- _HOW TO COMPLETE THIS TASK_:
Repeat only the lines below from the one containing "(s : 'I_n -> 'I_n -> A -> A) (U" through the one containing "Proof. by elim: w", inclusive, exactly as written.
******************************
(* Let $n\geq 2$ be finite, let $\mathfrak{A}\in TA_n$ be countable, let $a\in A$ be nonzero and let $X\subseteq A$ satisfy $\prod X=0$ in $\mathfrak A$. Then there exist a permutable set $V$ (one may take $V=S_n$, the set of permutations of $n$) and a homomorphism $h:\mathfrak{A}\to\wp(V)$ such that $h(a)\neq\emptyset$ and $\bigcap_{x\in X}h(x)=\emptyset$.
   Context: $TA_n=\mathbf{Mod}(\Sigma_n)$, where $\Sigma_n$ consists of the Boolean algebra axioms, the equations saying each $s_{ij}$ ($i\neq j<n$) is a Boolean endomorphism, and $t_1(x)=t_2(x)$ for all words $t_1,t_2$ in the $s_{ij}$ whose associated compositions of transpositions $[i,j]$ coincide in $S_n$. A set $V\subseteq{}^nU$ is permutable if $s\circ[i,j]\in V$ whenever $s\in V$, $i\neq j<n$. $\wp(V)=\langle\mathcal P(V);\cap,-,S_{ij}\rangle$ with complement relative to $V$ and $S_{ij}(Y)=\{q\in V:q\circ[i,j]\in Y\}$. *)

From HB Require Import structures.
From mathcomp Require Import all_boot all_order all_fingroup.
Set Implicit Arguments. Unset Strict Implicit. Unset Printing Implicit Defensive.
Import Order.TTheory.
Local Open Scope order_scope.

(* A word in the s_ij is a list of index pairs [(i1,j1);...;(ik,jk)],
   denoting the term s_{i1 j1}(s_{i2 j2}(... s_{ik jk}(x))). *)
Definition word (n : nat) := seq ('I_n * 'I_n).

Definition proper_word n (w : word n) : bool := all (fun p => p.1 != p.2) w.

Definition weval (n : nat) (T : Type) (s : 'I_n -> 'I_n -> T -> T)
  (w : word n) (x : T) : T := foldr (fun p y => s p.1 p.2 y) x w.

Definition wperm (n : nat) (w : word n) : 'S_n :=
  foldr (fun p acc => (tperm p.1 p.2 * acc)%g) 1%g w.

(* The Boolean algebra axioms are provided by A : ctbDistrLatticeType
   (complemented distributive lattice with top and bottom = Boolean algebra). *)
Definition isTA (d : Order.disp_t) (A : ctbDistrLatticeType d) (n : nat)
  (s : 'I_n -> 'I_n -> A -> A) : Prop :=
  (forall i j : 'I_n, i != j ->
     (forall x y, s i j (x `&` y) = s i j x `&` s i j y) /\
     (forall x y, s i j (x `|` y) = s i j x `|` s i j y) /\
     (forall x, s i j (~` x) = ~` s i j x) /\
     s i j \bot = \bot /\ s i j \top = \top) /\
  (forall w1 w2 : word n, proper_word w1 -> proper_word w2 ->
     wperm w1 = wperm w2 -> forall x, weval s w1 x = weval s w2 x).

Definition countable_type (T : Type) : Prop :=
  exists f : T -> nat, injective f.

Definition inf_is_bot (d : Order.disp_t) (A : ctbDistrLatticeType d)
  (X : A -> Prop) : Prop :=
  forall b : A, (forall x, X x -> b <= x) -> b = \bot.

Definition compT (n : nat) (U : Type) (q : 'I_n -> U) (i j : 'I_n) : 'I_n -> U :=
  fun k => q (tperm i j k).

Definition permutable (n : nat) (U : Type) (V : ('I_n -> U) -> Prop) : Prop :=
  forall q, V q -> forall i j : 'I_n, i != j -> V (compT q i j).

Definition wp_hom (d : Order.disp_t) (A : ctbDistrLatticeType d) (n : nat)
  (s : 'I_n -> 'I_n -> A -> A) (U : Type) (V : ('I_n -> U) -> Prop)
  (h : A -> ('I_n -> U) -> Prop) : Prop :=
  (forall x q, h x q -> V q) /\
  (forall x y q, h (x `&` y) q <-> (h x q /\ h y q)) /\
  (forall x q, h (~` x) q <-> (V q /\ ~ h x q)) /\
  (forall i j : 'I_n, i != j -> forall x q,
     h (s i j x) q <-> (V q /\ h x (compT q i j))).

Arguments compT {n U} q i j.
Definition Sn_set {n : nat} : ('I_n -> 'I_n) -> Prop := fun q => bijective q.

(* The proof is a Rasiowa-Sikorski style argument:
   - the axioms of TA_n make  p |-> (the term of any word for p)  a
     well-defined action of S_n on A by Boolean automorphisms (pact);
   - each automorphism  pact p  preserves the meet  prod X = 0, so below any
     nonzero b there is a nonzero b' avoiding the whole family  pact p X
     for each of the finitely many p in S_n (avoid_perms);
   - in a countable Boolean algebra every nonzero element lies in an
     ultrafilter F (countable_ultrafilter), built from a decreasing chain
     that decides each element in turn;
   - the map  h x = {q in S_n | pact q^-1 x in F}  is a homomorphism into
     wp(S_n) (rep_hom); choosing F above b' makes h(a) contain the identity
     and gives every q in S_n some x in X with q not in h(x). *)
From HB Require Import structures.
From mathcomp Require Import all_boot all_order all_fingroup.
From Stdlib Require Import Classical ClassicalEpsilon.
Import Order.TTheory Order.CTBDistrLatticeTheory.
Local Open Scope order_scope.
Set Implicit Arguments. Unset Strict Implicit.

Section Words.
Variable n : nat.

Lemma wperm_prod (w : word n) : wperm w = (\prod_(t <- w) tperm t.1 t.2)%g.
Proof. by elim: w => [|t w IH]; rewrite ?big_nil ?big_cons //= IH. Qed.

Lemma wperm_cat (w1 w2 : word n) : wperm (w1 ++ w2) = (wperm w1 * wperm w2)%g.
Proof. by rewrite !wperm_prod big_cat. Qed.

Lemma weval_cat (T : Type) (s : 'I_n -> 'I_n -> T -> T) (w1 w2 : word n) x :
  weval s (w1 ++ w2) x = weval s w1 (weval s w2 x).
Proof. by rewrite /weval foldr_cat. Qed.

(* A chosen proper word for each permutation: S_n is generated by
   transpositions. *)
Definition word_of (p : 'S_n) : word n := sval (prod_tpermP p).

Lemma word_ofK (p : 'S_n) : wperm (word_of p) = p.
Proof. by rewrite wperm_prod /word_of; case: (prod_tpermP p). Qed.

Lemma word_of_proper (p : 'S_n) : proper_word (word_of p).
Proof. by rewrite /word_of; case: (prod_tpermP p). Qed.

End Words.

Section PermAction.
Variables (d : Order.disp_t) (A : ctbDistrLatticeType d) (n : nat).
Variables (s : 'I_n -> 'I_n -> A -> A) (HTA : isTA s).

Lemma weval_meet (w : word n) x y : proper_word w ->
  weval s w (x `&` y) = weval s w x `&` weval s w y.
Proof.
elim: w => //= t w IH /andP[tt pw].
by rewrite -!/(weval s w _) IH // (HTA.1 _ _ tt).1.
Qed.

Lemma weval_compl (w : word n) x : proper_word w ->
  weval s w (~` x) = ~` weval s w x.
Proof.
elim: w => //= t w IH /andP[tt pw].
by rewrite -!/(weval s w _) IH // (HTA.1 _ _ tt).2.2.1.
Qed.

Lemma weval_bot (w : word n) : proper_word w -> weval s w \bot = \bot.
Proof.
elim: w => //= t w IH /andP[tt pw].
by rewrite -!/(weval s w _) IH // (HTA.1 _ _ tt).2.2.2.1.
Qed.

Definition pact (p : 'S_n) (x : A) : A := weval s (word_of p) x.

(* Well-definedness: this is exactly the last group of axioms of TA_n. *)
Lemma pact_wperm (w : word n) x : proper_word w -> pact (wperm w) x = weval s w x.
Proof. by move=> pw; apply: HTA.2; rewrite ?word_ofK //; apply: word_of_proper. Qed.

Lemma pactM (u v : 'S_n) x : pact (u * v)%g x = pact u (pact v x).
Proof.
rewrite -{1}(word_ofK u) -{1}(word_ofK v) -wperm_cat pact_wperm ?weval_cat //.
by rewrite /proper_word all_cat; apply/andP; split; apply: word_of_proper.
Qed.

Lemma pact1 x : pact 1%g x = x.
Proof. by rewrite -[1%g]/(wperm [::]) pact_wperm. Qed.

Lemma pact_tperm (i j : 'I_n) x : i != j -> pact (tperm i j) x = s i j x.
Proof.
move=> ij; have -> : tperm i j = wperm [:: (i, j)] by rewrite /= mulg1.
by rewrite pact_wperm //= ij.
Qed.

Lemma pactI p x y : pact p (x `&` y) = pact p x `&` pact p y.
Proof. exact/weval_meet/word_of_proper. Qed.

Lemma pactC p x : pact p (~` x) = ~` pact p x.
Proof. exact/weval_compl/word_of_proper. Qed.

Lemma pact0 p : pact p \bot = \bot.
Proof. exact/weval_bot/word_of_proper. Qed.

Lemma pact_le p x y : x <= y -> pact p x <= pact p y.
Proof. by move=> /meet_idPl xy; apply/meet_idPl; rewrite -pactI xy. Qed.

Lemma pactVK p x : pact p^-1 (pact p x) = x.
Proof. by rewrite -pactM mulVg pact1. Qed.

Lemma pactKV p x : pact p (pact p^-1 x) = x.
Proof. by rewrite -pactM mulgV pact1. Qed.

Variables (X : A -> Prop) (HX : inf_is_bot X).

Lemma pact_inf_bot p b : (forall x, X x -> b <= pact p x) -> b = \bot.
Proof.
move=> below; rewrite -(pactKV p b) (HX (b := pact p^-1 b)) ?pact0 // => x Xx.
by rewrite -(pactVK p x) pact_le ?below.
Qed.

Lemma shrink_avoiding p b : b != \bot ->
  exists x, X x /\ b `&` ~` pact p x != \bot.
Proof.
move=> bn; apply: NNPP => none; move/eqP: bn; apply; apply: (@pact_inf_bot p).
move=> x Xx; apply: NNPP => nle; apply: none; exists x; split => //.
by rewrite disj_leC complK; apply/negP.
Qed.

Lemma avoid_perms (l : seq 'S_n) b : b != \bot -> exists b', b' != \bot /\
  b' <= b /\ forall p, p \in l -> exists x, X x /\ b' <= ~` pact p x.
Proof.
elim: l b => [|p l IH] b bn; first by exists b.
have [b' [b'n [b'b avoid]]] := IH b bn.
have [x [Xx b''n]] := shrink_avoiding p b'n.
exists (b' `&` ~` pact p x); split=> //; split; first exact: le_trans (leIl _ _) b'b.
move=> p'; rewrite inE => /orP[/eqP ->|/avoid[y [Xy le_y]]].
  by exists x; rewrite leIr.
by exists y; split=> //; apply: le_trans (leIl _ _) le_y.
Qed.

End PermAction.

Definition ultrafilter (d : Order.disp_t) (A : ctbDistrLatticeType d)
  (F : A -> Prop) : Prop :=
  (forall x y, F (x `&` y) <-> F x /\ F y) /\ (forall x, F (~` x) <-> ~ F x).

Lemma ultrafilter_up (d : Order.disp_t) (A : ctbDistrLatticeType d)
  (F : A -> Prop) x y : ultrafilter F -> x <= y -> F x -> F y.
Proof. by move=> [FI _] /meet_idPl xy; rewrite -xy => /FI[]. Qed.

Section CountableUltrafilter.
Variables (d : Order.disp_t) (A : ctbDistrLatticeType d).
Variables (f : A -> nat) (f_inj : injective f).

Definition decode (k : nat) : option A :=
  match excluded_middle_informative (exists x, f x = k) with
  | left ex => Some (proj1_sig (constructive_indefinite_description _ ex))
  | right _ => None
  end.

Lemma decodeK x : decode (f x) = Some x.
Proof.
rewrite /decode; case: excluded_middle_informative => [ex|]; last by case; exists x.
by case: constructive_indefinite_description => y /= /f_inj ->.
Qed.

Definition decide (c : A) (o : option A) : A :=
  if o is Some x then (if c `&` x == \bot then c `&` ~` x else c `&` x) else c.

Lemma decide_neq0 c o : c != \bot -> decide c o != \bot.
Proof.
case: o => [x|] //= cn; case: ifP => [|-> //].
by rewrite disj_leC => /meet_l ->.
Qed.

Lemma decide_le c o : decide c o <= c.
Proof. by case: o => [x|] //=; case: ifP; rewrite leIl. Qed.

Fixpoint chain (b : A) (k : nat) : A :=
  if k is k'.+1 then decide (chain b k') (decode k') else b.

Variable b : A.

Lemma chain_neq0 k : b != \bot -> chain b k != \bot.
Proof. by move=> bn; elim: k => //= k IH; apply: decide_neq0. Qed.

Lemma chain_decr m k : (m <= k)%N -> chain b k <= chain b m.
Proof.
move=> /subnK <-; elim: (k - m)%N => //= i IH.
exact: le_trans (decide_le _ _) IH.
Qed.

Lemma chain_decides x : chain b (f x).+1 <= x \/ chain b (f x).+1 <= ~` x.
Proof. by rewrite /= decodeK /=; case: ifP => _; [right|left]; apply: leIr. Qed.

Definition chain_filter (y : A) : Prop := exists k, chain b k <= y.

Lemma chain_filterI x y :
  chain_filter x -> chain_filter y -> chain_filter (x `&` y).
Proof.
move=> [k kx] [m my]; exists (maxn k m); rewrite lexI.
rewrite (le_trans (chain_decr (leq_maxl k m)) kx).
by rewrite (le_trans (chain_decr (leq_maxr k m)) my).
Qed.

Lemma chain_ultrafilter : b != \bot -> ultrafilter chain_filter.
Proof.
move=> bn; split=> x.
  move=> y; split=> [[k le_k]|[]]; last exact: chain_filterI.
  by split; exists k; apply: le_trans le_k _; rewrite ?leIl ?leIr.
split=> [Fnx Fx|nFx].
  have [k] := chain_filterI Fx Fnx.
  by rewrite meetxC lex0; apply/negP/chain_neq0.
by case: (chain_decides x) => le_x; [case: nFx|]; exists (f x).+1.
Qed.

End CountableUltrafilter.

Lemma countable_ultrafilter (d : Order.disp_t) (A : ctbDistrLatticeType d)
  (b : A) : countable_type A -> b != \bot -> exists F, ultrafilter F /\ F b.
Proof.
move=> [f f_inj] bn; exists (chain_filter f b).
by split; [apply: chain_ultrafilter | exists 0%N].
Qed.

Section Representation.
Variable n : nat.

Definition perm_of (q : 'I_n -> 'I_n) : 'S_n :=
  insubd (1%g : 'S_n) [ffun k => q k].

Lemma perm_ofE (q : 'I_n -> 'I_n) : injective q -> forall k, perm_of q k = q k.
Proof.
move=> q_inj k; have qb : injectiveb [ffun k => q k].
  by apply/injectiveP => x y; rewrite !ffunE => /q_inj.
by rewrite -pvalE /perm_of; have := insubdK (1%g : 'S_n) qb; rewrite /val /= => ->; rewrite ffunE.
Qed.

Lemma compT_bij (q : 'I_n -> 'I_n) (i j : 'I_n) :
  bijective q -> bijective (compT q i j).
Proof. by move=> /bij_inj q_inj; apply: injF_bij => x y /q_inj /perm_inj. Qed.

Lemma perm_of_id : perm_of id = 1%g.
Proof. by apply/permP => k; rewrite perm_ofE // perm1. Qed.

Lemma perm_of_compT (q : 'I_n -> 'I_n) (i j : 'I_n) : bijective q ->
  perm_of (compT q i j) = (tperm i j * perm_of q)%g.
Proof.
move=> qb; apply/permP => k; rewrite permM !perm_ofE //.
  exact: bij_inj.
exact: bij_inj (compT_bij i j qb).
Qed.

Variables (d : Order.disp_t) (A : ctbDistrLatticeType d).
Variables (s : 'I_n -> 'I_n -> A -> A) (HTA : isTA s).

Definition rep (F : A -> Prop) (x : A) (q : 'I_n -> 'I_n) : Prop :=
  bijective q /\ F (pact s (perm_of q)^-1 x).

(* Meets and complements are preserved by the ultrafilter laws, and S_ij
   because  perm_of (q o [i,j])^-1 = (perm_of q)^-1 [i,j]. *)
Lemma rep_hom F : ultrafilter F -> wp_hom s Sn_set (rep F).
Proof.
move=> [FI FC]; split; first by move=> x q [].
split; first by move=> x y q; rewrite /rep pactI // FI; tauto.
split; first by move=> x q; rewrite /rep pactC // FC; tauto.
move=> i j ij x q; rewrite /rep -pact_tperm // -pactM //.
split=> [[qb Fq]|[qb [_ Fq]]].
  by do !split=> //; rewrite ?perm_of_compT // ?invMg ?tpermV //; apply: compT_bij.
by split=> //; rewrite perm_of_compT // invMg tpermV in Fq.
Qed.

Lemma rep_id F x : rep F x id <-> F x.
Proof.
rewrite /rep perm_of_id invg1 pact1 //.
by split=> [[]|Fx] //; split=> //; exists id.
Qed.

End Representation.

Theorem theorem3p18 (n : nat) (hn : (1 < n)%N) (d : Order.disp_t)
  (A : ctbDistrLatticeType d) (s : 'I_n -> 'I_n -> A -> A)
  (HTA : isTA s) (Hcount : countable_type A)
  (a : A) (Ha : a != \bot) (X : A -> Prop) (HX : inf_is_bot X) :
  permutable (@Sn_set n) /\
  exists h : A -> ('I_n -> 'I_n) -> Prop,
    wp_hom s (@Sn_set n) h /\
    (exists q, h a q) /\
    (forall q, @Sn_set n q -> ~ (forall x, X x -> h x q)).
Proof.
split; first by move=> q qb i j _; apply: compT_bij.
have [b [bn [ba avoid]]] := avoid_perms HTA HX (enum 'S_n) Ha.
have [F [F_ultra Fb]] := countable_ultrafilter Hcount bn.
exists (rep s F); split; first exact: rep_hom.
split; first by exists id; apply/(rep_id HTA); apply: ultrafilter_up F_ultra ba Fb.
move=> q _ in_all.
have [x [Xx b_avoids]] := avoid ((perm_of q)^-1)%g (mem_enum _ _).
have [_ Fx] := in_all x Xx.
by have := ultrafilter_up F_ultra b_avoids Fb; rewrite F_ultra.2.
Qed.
******************************
- _YOUR SOLUTION_:
  (s : 'I_n -> 'I_n -> A -> A) (U : Type) (V : ('I_n -> U) -> Prop)
  (h : A -> ('I_n -> U) -> Prop) : Prop :=
  (forall x q, h x q -> V q) /\
  (forall x y q, h (x `&` y) q <-> (h x q /\ h y q)) /\
  (forall x q, h (~` x) q <-> (V q /\ ~ h x q)) /\
  (forall i j : 'I_n, i != j -> forall x q,
     h (s i j x) q <-> (V q /\ h x (compT q i j))).

Arguments compT {n U} q i j.
Definition Sn_set {n : nat} : ('I_n -> 'I_n) -> Prop := fun q => bijective q.

(* The proof is a Rasiowa-Sikorski style argument:
   - the axioms of TA_n make  p |-> (the term of any word for p)  a
     well-defined action of S_n on A by Boolean automorphisms (pact);
   - each automorphism  pact p  preserves the meet  prod X = 0, so below any
     nonzero b there is a nonzero b' avoiding the whole family  pact p X
     for each of the finitely many p in S_n (avoid_perms);
   - in a countable Boolean algebra every nonzero element lies in an
     ultrafilter F (countable_ultrafilter), built from a decreasing chain
     that decides each element in turn;
   - the map  h x = {q in S_n | pact q^-1 x in F}  is a homomorphism into
     wp(S_n) (rep_hom); choosing F above b' makes h(a) contain the identity
     and gives every q in S_n some x in X with q not in h(x). *)
From HB Require Import structures.
From mathcomp Require Import all_boot all_order all_fingroup.
From Stdlib Require Import Classical ClassicalEpsilon.
Import Order.TTheory Order.CTBDistrLatticeTheory.
Local Open Scope order_scope.
Set Implicit Arguments. Unset Strict Implicit.

Section Words.
Variable n : nat.

Lemma wperm_prod (w : word n) : wperm w = (\prod_(t <- w) tperm t.1 t.2)%g.
Proof. by elim: w => [|t w IH]; rewrite ?big_nil ?big_cons //= IH. Qed.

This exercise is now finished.